Page MenuHomePhabricator

Parsoid and Tidy differ in how they deal with misnested tags
Closed, DeclinedPublic

Description

I edited https://www.mediawiki.org/w/index.php?title=MediaWiki-Vagrant&oldid=946962 with VisualEditor. Everything after the "Quick Start" section appeared in monospace.

I repro'd with the smaller test page https://www.mediawiki.org/wiki/User:S_Page_(WMF)/VE_span_bug

I think the issue lies in

<p style="font-size: 1.2em; margin-top: 1.2em;">When Vagrant is done configuring your machine, browse to <span class=plainlinks>http://127.0.0.1:8080/</span> to find your MediaWiki instance. The admin password is <code>vagrant<code>.</span>

Note its incorrect second opening <code> instead of closing the code, and a second closing </span>. Yet regular wiki parsing can handle it.


Version: unspecified
Severity: normal
URL: https://www.mediawiki.org/wiki/User:S_Page_(WMF)/VE_span_bug

Details

Reference
bz63699

Related Objects

Event Timeline

bzimport raised the priority of this task from to Needs Triage.
bzimport set Reference to bz63699.
Spage created this task.Apr 8 2014, 8:28 PM

(In reply to spage from comment #0)

Note its incorrect second opening <code> instead of closing the code, and a
second closing </span>. Yet regular wiki parsing can handle it.
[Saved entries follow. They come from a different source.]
(* Let $t\in[0,T]$ and let $X\in\mathbb{L}^\infty(\mathbb{R},\mathcal{F}_T)$ be such that $X>0$ a.s. Then there exists a unique $Z_t\in\mathbb{L}^0(\mathbb{R},\mathcal{F}_t)$ with $\operatorname{ess\,sup}_{\mathcal{F}_0}(Z_t)\in\mathbb{R}$ a.s. that satisfies $$\operatorname{ess\,sup}_{\mathcal{F}_0}(Z_t1_{F_t})=\operatorname{ess\,sup}_{\mathcal{F}_0}(X1_{F_t})\quad\text{for all }F_t\in\mathcal{F}_t.$$
   Context: Let $(\Omega,\mathcal{F},\mathbb{P})$ be a complete probability space and $(\mathcal{F}_t)_{t\in[0,T]}$ a filtration of complete sub-$\sigma$-algebras of $\mathcal{F}$ ($\mathcal{F}_s\subseteq\mathcal{F}_t$ for $s\le t$). $\mathbb{L}^0(G,\mathcal{G})$ denotes the $\mathcal{G}$-measurable random variables a.s. valued in $G$ and $\mathbb{L}^\infty(G,\mathcal{G})$ the essentially bounded ones. For a sub-$\sigma$-algebra $\mathcal{G}$, $\operatorname{ess\,sup}_{\mathcal{G}}(Y)$ is the smallest (a.s.) $\mathcal{G}$-measurable $\overline{\mathbb{R}}$-valued random variable dominating $Y$ a.s. *)

From HB Require Import structures.
From mathcomp Require Import all_boot all_order all_algebra.
From mathcomp Require Import all_classical all_reals all_analysis measurable_realfun.
Set Implicit Arguments. Unset Strict Implicit. Unset Printing Implicit Defensive.
Import Order.TTheory GRing.Theory Num.Theory.
Local Open Scope classical_set_scope.
Local Open Scope ring_scope.

Definition is_sub_sigma_alg d (T : measurableType d) (G : set (set T)) :=
  sigma_algebra setT G /\ G `<=` measurable.

Definition complete_wrt d (T : measurableType d) (R : realType)
  (P : probability T R) (G : set (set T)) :=
  P.-negligible `<=` G.

Definition G_measurable d (T : measurableType d) (R : realType)
  (G : set (set T)) (f : T -> R) :=
  forall B : set R, measurable B -> G (f @^-1` B).

Definition G_emeasurable d (T : measurableType d) (R : realType)
  (G : set (set T)) (f : T -> \bar R) :=
  forall B : set (\bar R), measurable B -> G (f @^-1` B).

Definition is_cond_ess_sup d (T : measurableType d) (R : realType)
  (P : probability T R) (G : set (set T)) (Y : T -> R) (S : T -> \bar R) :=
  [/\ G_emeasurable G S,
      {ae P, forall x, ((Y x)%:E <= S x)%E} &
      forall S' : T -> \bar R, G_emeasurable G S' ->
        {ae P, forall x, ((Y x)%:E <= S' x)%E} ->
        {ae P, forall x, (S x <= S' x)%E}].

Definition mul_ind d (T : measurableType d) (R : realType)
  (Y : T -> R) (F : set T) : T -> R :=
  fun x => Y x * \1_F x.

From HB Require Import structures.
From mathcomp Require Import all_boot all_order all_algebra.
From mathcomp Require Import all_classical all_reals all_analysis measurable_realfun.
Set Implicit Arguments. Unset Strict Implicit. Unset Printing Implicit Defensive.
Import Order.TTheory GRing.Theory Num.Theory.
Local Open Scope classical_set_scope.
Local Open Scope ring_scope.

(* For each rational q, an exhaustion argument on the measure yields a maximal
   G-set B_q on which Y <= q a.e.; then x |-> inf {q | x \in B_q} is the
   G-conditional essential supremum of Y, for any real function Y.
   Take Z := ess sup_{F_t} X, which is finite since X is bounded.  For F in F_t,
   the function equal to ess sup_{F_0}(X 1_F) on F and to +oo off F is
   F_t-measurable and dominates X, hence dominates Z on F; together with X <= Z
   this gives ess sup_{F_0}(Z 1_F) = ess sup_{F_0}(X 1_F).
   If Z_1 and Z_2 both have this property, testing it on F = {Z_2 <= 0} shows
   Z_2 > 0 (as X > 0), and testing it on F = {Z_2 < q < Z_1} for rationals
   q > 0 shows that these sets are null, so Z_1 <= Z_2; by symmetry
   Z_1 = Z_2. *)

Section sub_sigma_algebra.
Context d (T : measurableType d) (R : realType) (G : set (set T)).
Hypothesis sG : sigma_algebra setT G.

Lemma sigma_algebraT : G setT.
Proof. by rewrite -(measurable_g_measurableTypeE sG); exact: measurableT. Qed.

Lemma sigma_algebraI A B : G A -> G B -> G (A `&` B).
Proof. by rewrite -(measurable_g_measurableTypeE sG); exact: measurableI. Qed.

Lemma sigma_algebra_bigcup_rat (D : set rat) (F : rat -> set T) :
  (forall q, D q -> G (F q)) -> G (\bigcup_(q in D) F q).
Proof.
rewrite bigcup_mkcond -(measurable_g_measurableTypeE sG) => GF.
by apply: bigcupT_measurable_rat => q; case: ifPn => [/set_mem /GF|_].
Qed.

Lemma g_sigma_measurable_funP d' (U : measurableType d') (f : T -> U) :
  (forall B, measurable B -> G (f @^-1` B)) <->
  measurable_fun (setT : set (g_sigma_algebraType G)) f.
Proof.
split=> mf.
  by move=> _ B mB; rewrite setTI (measurable_g_measurableTypeE sG); exact: mf.
move=> B mB; rewrite -(measurable_g_measurableTypeE sG) -[_ @^-1` _]setTI.
exact: mf.
Qed.

Lemma G_emeasurable_cst (c : \bar R) : G_emeasurable G (cst c).
Proof. by apply/g_sigma_measurable_funP; exact: measurable_cst. Qed.

Lemma G_measurable_fine (f : T -> \bar R) :
  G_emeasurable G f -> G_measurable G (fine \o f).
Proof.
move/g_sigma_measurable_funP => mf; apply/g_sigma_measurable_funP.
exact: measurableT_comp.
Qed.

Lemma G_emeasurable_lt (f : T -> \bar R) :
  (forall r : R, G [set x | (f x < r%:E)%E]) -> G_emeasurable G f.
Proof.
move=> Gf; apply/g_sigma_measurable_funP.
apply: (measurability _ (ErealGenInftyO.measurableE R)) => _ [_ [r ->] <-].
rewrite setTI preimage_itvNyo (measurable_g_measurableTypeE sG); exact: Gf.
Qed.

End sub_sigma_algebra.

Lemma ae_forall_countable d (T : measurableType d) (R : realType)
    (mu : {measure set T -> \bar R}) (I : countType) (Q : I -> T -> Prop) :
  (forall i, {ae mu, forall x, Q i x}) -> {ae mu, forall x, forall i, Q i x}.
Proof.
move=> hQ; have : mu.-negligible
    (\bigcup_n oapp (fun i => ~` [set x | Q i x]) set0 (unpickle n)).
  apply: negligible_bigcup => n.
  by case: unpickle => [i|]; [exact: hQ|exact: negligible_set0].
apply: negligibleS => x /= /existsNP [i nQ].
by exists (pickle i) => //; rewrite pickleK.
Qed.

Section essential_maximum.
Context d (T : measurableType d) (R : realType).
Variables (mu : {finite_measure set T -> \bar R}) (C : set (set T)).
Hypotheses (CM : C `<=` measurable) (C0 : C set0)
  (C_bigcup : forall F : (set T)^nat, (forall n, C (F n)) -> C (\bigcup_n F n)).

Let msup := ereal_sup [set mu B | B in C].

Let msup_fin_num : msup \is a fin_num.
Proof.
rewrite ge0_fin_numE; last first.
  by apply: ereal_sup_ubound; exists set0; rewrite ?measure0.
apply: (@le_lt_trans _ _ (mu setT)).
  apply: ge_ereal_sup => _ [B CB <-].
  by apply: le_measure; rewrite ?inE //; exact: CM.
by rewrite -ge0_fin_numE ?fin_num_measure.
Qed.

Lemma measure_sup_attained : exists2 B, C B & mu B = msup.
Proof.
have approx n : exists B, C B /\ (msup < mu B + (n.+1%:R^-1)%:E)%E.
  have : (msup - (n.+1%:R^-1)%:E < msup)%E.
    by rewrite lteBlDr // lteDl // lte_fin invr_gt0.
  by move=> /ereal_sup_gt [_ [B CB <-]]; rewrite lteBlDr // => ?; exists B.
have [Bn /all_and2 [CBn muBn]] := choice approx.
have CB : C (\bigcup_n Bn n) := C_bigcup CBn.
exists (\bigcup_n Bn n) => //; apply/le_anti/andP; split.
  by apply: ereal_sup_ubound; exists (\bigcup_n Bn n).
apply/lee_addgt0Pr => e /ltr_add_invr [k]; rewrite add0r => ke.
apply: (le_trans (ltW (muBn k))); apply: leeD; last by rewrite lee_fin ltW.
by apply: le_measure; rewrite ?inE //; [exact: CM|exact: CM|exact: bigcup_sup].
Qed.

Lemma ess_maximal_set :
  exists2 B, C B & forall B', C B' -> {ae mu, forall x, B' x -> B x}.
Proof.
have [B CB muB] := measure_sup_attained.
exists B => // B' CB'; have [mB mB'] := (CM CB, CM CB').
have CBB' : C (B `|` B').
  by rewrite -bigcup2E; apply: C_bigcup => -[|[|n]] //=.
have mBB' : measurable (B' `\` B) by exact: measurableD.
have muD : mu (B' `\` B) = 0.
  have : (mu B + mu (B' `\` B) <= mu B + 0)%E.
    rewrite adde0 -measureU ?setDIK // setUDr setDv setD0 muB.
    by apply: ereal_sup_ubound; exists (B `|` B').
  rewrite leeD2lE ?fin_num_measure // => le0.
  by apply/eqP; rewrite eq_le le0 measure_ge0.
by apply: (negligibleS _ (proj2 (negligibleP _ mBB') muD)) => x /= /not_implyP.
Qed.

End essential_maximum.

Lemma ereal_dense_rat (R : realType) (a b : \bar R) : (a < b)%E ->
  exists q : rat, (a < (ratr q)%:E)%E /\ ((ratr q)%:E < b)%E.
Proof.
have dense (x y : R) : x < y -> exists q : rat, x < ratr q /\ ratr q < y.
  by move=> /rat_in_itvoo [q]; rewrite in_itv /= => /andP[? ?]; exists q.
case: a => [a||]; case: b => [b||] //=.
- by rewrite lte_fin => /dense [q [? ?]]; exists q; rewrite !lte_fin.
- have [q [? ?]] : exists q : rat, a < ratr q /\ ratr q < a + 1.
    by apply: dense; rewrite ltrDl ltr01.
  by exists q; rewrite lte_fin ltry.
- have [q [? ?]] : exists q : rat, b - 1 < ratr q /\ ratr q < b.
    by apply: dense; rewrite ltrBlDr ltrDl ltr01.
  by exists q; rewrite lte_fin ltNyr.
- by move=> _; exists 0; rewrite ltNyr ltry.
Qed.

Section rat_inf.
Context {T : Type} {R : realType} (B : rat -> set T).

Definition rat_inf (x : T) : \bar R :=
  ereal_inf [set (ratr q)%:E | q in [set q | B q x]].

Lemma rat_inf_le x q : B q x -> (rat_inf x <= (ratr q)%:E)%E.
Proof. by move=> Bqx; apply: ereal_inf_lbound; exists q. Qed.

Lemma rat_inf_lt x r : (rat_inf x < r%:E)%E <-> exists2 q, B q x & ratr q < r.
Proof.
split; first by move=> /ereal_inf_lt [_ [q Bqx <-]]; rewrite lte_fin; exists q.
by move=> [q /rat_inf_le Bqx qr]; apply: le_lt_trans Bqx _; rewrite lte_fin.
Qed.

End rat_inf.

Section cond_ess_sup_existence.
Context d (T : measurableType d) (R : realType) (P : probability T R).
Variables (G : set (set T)) (Y : T -> R).
Hypotheses (sG : sigma_algebra setT G) (GM : G `<=` measurable).

Definition ae_le_sets (r : R) : set (set T) :=
  [set B | G B /\ {ae P, forall x, B x -> Y x <= r}].

Lemma ae_le_sets_maximal r : exists2 B, ae_le_sets r B &
  forall B', ae_le_sets r B' -> {ae P, forall x, B' x -> B x}.
Proof.
apply: ess_maximal_set => [B [GB _]|| F CF]; first exact: GM.
  by split; [case: sG|exact: aeW].
split; first by case: sG => _ _; apply => n; case: (CF n).
apply: filterS (ae_forall_countable (fun n => (CF n).2)) => x YF [n _].
exact: YF.
Qed.

Section rat_inf_cond_ess_sup.
Variable B : rat -> set T.
Hypotheses (B_le : forall q, ae_le_sets (ratr q) (B q))
  (B_max : forall q B',
    ae_le_sets (ratr q) B' -> {ae P, forall x, B' x -> B q x}).

Lemma is_cond_ess_sup_rat_inf : is_cond_ess_sup P G Y (rat_inf B).
Proof.
split.
- apply: G_emeasurable_lt => // r.
  have -> : [set x | (rat_inf B x < r%:E)%E] =
      \bigcup_(q in [set q | ratr q < r]) B q.
    by apply/seteqP; split=> x; rewrite /= rat_inf_lt => -[q]; exists q.
  by apply: sigma_algebra_bigcup_rat => // q _; case: (B_le q).
- apply: filterS (ae_forall_countable (fun q => (B_le q).2)) => x YB.
  by rewrite leNgt; apply/negP => /rat_inf_lt [q /YB]; rewrite leNgt => /negP.
- move=> S' mS' YS'.
  have S'_le q : ae_le_sets (ratr q) [set x | (S' x <= (ratr q)%:E)%E].
    split.
      have := mS' _ (emeasurable_itv `]-oo, (ratr q)%:E]).
      by rewrite preimage_itvNyc.
    by apply: filterS YS' => x YS'x S'q; rewrite -lee_fin (le_trans YS'x).
  apply: filterS (ae_forall_countable (fun q => B_max (S'_le q))) => x S'B.
  rewrite leNgt; apply/negP => /ereal_dense_rat [q [S'q qB]].
  by have := lt_le_trans qB (rat_inf_le (S'B q (ltW S'q))); rewrite ltxx.
Qed.

End rat_inf_cond_ess_sup.

Lemma cond_ess_sup_exists : exists S, is_cond_ess_sup P G Y S.
Proof.
have /choice [B /all_and2 [B_le B_max]] : forall q : rat, exists B,
    ae_le_sets (ratr q) B /\
    forall B', ae_le_sets (ratr q) B' -> {ae P, forall x, B' x -> B x}.
  by move=> q; have [B] := ae_le_sets_maximal (ratr q); exists B.
by exists (rat_inf B); exact: is_cond_ess_sup_rat_inf.
Qed.

End cond_ess_sup_existence.

Section mul_ind.
Context d (T : measurableType d) (R : realType) (Y : T -> R) (F : set T).

Lemma mul_indE_in x : F x -> mul_ind Y F x = Y x.
Proof. by move=> Fx; rewrite /mul_ind indicE mem_set // mulr1. Qed.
This is Tidy doing the cleanup. PHP parser does not do the fixup automatically. This is a known issue -- we have a bunch of these scenarios now where Parsoid and Tidy fixup broken code differently. We'll never match Tidy behavior (which is not always the desired behavior in any case). But, as for this specific scenario, fixing this will require us to use heuristics in the tokenizer and more complexity. At this time, it is not clear if the additional complexity is worth it, except for easy to auto-fix scenarios.

  • Bug 63798 has been marked as a duplicate of this bug. ***
Arlolra removed GWicke as the assignee of this task.Nov 25 2014, 7:56 PM
Arlolra set Security to None.
Arlolra triaged this task as Normal priority.Nov 26 2014, 11:56 PM
Arlolra added a subscriber: Arlolra.
ssastry moved this task from Backlog to Robustness on the Parsoid board.Dec 22 2014, 12:37 AM
marcoil moved this task from Robustness to Backlog on the Parsoid board.Feb 13 2015, 12:48 PM
Restricted Application added a subscriber: Aklapper. · View Herald TranscriptAug 13 2015, 4:50 PM

fwiw, one of the people behind tidy-html5 says he tested and found that this issue was fixed.
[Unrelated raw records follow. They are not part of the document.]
Lemma valid_nb (T : finType) (opp : T * 'I_3 -> T * 'I_3) (t1 : T) (k1 : 'I_3)
    (c : cell T) (k : 'I_3) :
  valid_cell opp t1 k1 (nb opp t1 k1 c k).
Proof.
have valid_side s : valid_cell opp t1 k1 (cell_of_side opp t1 k1 s).
  by rewrite /cell_of_side; case: ifP => // s_t1; case: ifP => //= s_t2; rewrite s_t1 s_t2.
by case: c => [t|i] //=; case: (val k) => [|[|n]].
Qed.

Lemma bnd_ext (T : finType) (opp : T * 'I_3 -> T * 'I_3) (t1 : T) (k1 : 'I_3)
    (R R' : cell T -> bool) :
  (forall c, valid_cell opp t1 k1 c -> R c = R' c) ->
  forall c k, valid_cell opp t1 k1 c -> bnd opp t1 k1 R c k = bnd opp t1 k1 R' c k.
Proof. by move=> RR' c k valid_c; rewrite /bnd !RR' ?valid_nb. Qed.

(* The double of Q: a sphere with four triangles (back, w).  For back = false
   these are the triangles of Q, w = false being t1 = R0 R2 R3 and w = true
   being t2 = R2 R0 R1, whose side 0 is the diagonal; for back = true they
   are their mirror images, glued to them along the sides of Q. *)
Definition double := (bool * bool)%type.
Definition front_t1 : double := (false, false).

Definition double_opp (s : double * 'I_3) : double * 'I_3 :=
  let: ((back, w), k) := s in
  match back, val k with
  | false, 0 => ((false, ~~ w), c0)
  | false, 1 => ((true, w), c1)
  | false, _ => ((true, w), c0)
  | true, 0 => ((false, w), c2)
  | true, 1 => ((false, w), c1)
  | true, _ => ((true, ~~ w), c2)
  end.

Definition double_bo (bd : 'I_4 -> bool) (e : bool) (s : double * 'I_3) : bool :=
  let: ((back, w), k) := s in
  let: (x0, x1, x2) :=
    match back, w with
    | false, false => (e, bd q2, bd q3)
    | false, true => (~~ e, bd q0, bd q1)
    | true, false => (~~ bd q3, ~~ bd q2, ~~ e)
    | true, true => (~~ bd q1, ~~ bd q0, e)
    end in
  match val k with 0 => x0 | 1 => x1 | _ => x2 end.

Lemma double_osurface : is_osurface double_opp.
Proof.
split.
- by move=> [[[] []] k]; case: (ord3_cases k) => ->; rewrite /double_opp !cE.
- by move=> [[[] []] k]; case: (ord3_cases k) => ->; rewrite /double_opp !cE.
- set adj := (fun x y => _).
  have step x y k : (double_opp (x, k)).1 = y -> connect adj x y.
    by move=> xky; apply: connect1; apply/existsP; exists k; rewrite xky.
  have to_t1 t : connect adj t front_t1.
    case: t => [[] []]; last exact: connect0.
    + apply: (connect_trans (step (true, true) (true, false) c2 _)); first by rewrite c2E.
      by apply: (step _ _ c0); rewrite c0E.
    + by apply: (step _ _ c0); rewrite c0E.
    + by apply: (step _ _ c0); rewrite c0E.
  have from_t1 t : connect adj front_t1 t.
    case: t => [[] []]; last exact: connect0.
    + apply: (connect_trans (step front_t1 (true, false) c1 _)); first by rewrite c1E.
      by apply: (step _ _ c2); rewrite c2E.
    + by apply: (step _ _ c1); rewrite c1E.
    + by apply: (step _ _ c0); rewrite c0E.
  by move=> t u; apply: connect_trans (to_t1 t) (from_t1 u).
Qed.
fwiw, one of the people behind tidy-html5 says he tested and found that this issue was fixed.

Thanks @MarkAHershberger. What we are getting at with the Tidy replacement and which applies here as well is that we really don't need Tidying or any such thing in mediawiki. What we need is a HTML5 parser (something that takes a string and parses it according to the well-specified HTML5 parsing algorithm).
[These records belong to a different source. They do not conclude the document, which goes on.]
(* First direction: irreducible f of positive degree gives a skew field
   End(R/Rf); the inverse of g = (right mult. by u) is right mult. by the
   Bezout coefficient al of al u + be f = 1. *)
Lemma irreducible_End_skew_field : (0 < n)%N -> End_quot_is_skew_field f.
Proof.
move=> npos; split=> [E|g hg gnz].
  by apply: (one_notin_Rf npos); have := E 1; rewrite subr0.
have unot := endo_nonzero hg gnz; have fu := endo_stable hg.
set u := g 1 in unot fu.
have [al [be E]] := bezout unot.
have alu : al * u = 1 - be * f by rewrite -E addrK.
have fal : inRf f (f * al).
  apply: (rmul_injective fu unot); rewrite -mulrA alu mulrBr mulr1 mulrA.
  by apply: inRfB; [exists 1; rewrite mul1r | apply: inRf_mulf].
exists (fun s => s * al); split; first exact: rmul_endo.
- move=> s /=.
  have -> : g (s * al) - s = (g (s * al) - s * al * u) - (s * be) * f.
    by rewrite -(mulrA s al) alu mulrBr mulr1 !mulrA opprB addrA addrAC addrK.
  by apply: inRfB; [apply: endo_rmul | apply: inRf_mulf].
- move=> s /=.
  have -> : g s * al - s = (g s - s * u) * al + s * (u * al - 1).
    by rewrite mulrBl mulrBr mulr1 !mulrA addrA subrK.
  apply: inRfD; first by apply: inRf_mulr => //; apply: endo_rmul.
  apply/inRfM/(rmul_injective fu unot).
  have -> : (u * al - 1) * u = - (u * be * f).
    by rewrite mulrBl mul1r -(mulrA u al u) alu mulrBr mulr1 addrAC subrr add0r !mulrA.
  by apply: inRfN; apply: inRf_mulf.
Qed.

End FixedPolynomial.

Lemma nonconst_lead_term r : ~ (exists d, r = iota d) ->
  exists e m, [/\ e != 0, lead_term r e m & (0 < m)%N].
Proof.
move=> nd; have rnz : r != 0.
  by apply/eqP => r0; apply: nd; exists 0; rewrite r0 rmorph0.
have [e [[|m] [enz He]]] := lead_term_exists rnz; last by exists e, m.+1.
case: nd; exists e; apply/eqP; rewrite -subr_eq0; apply/eqP.
by move: (deg_lt_zero He); rewrite expr0 mulr1.
Qed.

Lemma low_deg_notin_Rf f c n b eb mb : lead_term f c n -> c != 0 ->
  lead_term b eb mb -> eb != 0 -> (mb < n)%N -> ~ inRf f b.
Proof.
move=> hf hc Hb ebnz lt /(inRf_deg hf hc)/(_ Hb ebnz).
by rewrite leqNgt lt.
Qed.

Lemma bound_factor (y0 b cc t w : R) : y0 != 0 -> b != 0 ->
  y0 = cc * b -> y0 * b = t * y0 -> cc * y0 = y0 * w -> b * w = y0.
Proof.
move=> y0nz bnz Ey0 Et Ew.
have cbt : cc * b = t * cc by apply: (mulR_rcancel bnz); rewrite -Ey0 Et Ey0 mulrA.
by apply: (mulR_lcancel y0nz); rewrite mulrA Et -mulrA -Ew mulrA -cbt -Ey0.
Qed.

(* Right
   multiplication by t is injective on R/Rf whenever b t lies in Rf, so the
   bound ideal J = {y | y R in Rf}, generated on both sides by an element y0 of
   minimal degree, would contain the element w with b w = y0, of smaller degree. *)
Lemma End_skew_field_irreducible f c n : lead_term f c n -> c != 0 ->
  bounded f -> End_quot_is_skew_field f -> skew_irreducible iota f.
Proof.
move=> hf hc [r0 [r0nz Jr0]] hE a b Eab.
case: (classic (exists d, a = iota d)) => [|na]; first by left.
case: (classic (exists d, b = iota d)) => [|nb]; first by right.
have [ea [ma [eanz Ha mapos]]] := nonconst_lead_term na.
have [eb [mb [ebnz Hb mbpos]]] := nonconst_lead_term nb.
have [Hab abnz] := lead_term_mul_neq0 Ha eanz Hb ebnz; rewrite -Eab in Hab.
have bnot : ~ inRf f b.
  by apply: (low_deg_notin_Rf Hab abnz Hb ebnz); rewrite -{1}(add0n mb) ltn_add2r.
have b_kernel t : inRf f (b * t) -> inRf f t := factor_kernel hE Eab bnot.
pose J y := forall s, inRf f (y * s).
have Jsub y z : J y -> J z -> J (y - z) by move=> Jy Jz s; rewrite mulrBl; apply: inRfB.
have Jl q y : J y -> J (q * y) by move=> Jy s; rewrite -mulrA; apply: inRfM.
have Jr q y : J y -> J (y * q) by move=> Jy s; rewrite -mulrA.
have [y0 [m0 y0min]] := @min_degree_exists J r0 Jr0 r0nz.
have [Jy0 [c0 c0nz Hc0] J_min] := y0min.
have y0nz := lead_term_neq0 Hc0 c0nz.
have [c1 Ey0] : inRf f y0 by have := Jy0 1; rewrite mulr1.
rewrite Eab mulrA in Ey0.
have [t Et] := min_degree_lgen y0min Jsub Jl (Jr b _ Jy0).
have [w Ew] := min_degree_rgen y0min Jsub Jr (Jl (c1 * a) _ Jy0).
have bw := bound_factor y0nz (lead_term_neq0 Hb ebnz) Ey0 Et Ew.
have Jw : J w by move=> s; apply: b_kernel; rewrite mulrA bw.
have wnz : w != 0 by apply: contraNneq y0nz => w0; rewrite -bw w0 mulr0.
have [ew [mw [ewnz Hw]]] := lead_term_exists wnz.
have [Hbw bwnz] := lead_term_mul_neq0 Hb ebnz Hw ewnz; rewrite bw in Hbw.
suff w0 : w = 0 by rewrite w0 eqxx in wnz.
apply: J_min Jw (deg_lt_widen _ (lead_term_deg Hw)).
by rewrite (lead_term_uniq Hc0 c0nz Hbw bwnz) addnC -addn1 leq_add2l.
Qed.

End SkewPolynomials.

Unset Implicit Arguments.

Theorem mainTheorem7 (D : unitRingType) (R : nzRingType)
  (sigma : {rmorphism D -> D}) (delta : D -> D)
  (iota : {rmorphism D -> R}) (x : R)
  (hD : is_skew_field D) (hsigma : bijective sigma)
  (hdelta : is_sigma_derivation sigma delta)
  (hR : is_skew_poly_ring sigma delta iota x)
  (f : R) (hdeg : exists n, (0 < n)%N /\ has_degree iota x f n)
  (hbd : bounded f) :
  skew_irreducible iota f <-> End_quot_is_skew_field f.
Proof.
have [n [npos [c [size_c cn_neq0 Ef]]]] := hdeg.
have hf : lead_term iota x f c`_n n.
  by rewrite /lead_term Ef /spoly size_c big_ord_recr /= addrK; exists (nth 0 c).
split=> [hirr|hE].
- exact: (irreducible_End_skew_field hD hsigma hR hf cn_neq0 hirr npos).
- exact: (End_skew_field_irreducible hD hsigma hR hf cn_neq0 hbd hE).
Qed.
We don't need all the extra things that the old Tidy did. So, if the new tidy-html5 project implemented what we needed, it would simply be a HTML5 tree builder that takes a string, and builds a DOM. If we needed (for backward compatibility reasons) to implement additional post-processing on the DOM (to do some of the things the old/in-production Tidy does), then we would need a full DOM API. But, if we determine as part of the work in T89331 that we can drop all the extra things the old Tidy does, then we may be able to not bother with the DOM API, as long as the tool generated a faithful serialization of the parsed DOM tree.

T89331 does not mandate an external HTML5 parsing service. If we determine that tidy-html5 is "good enough", then, it would be an acceptable fallback for mediawiki installations that are happy with it. In fact, wikis don't even need to replace the "old tidy" if they don't care about all the bugs filed against it. Part of the impetus to T89331 is to pay down technical debt. It also moves PHP parser and Parsoid output closer. It also brings us closer to reducing complexity in Parsoid, and eventually in the glorious future, to maybe have a simple bidirectional parser entirely in core without need for an external service. We can chat more on IRC if you have more questions. I didn't add this explanation to T89331 since that ticket is already very long with a lot of discussion.

ssastry closed this task as Declined.Dec 18 2017, 10:16 PM

Tidy is on the way to being removed next year. Parsoid and RemexHTML will handle broken HTML markup much more similarly since they both using HTML5 tree building to fix up broken markup.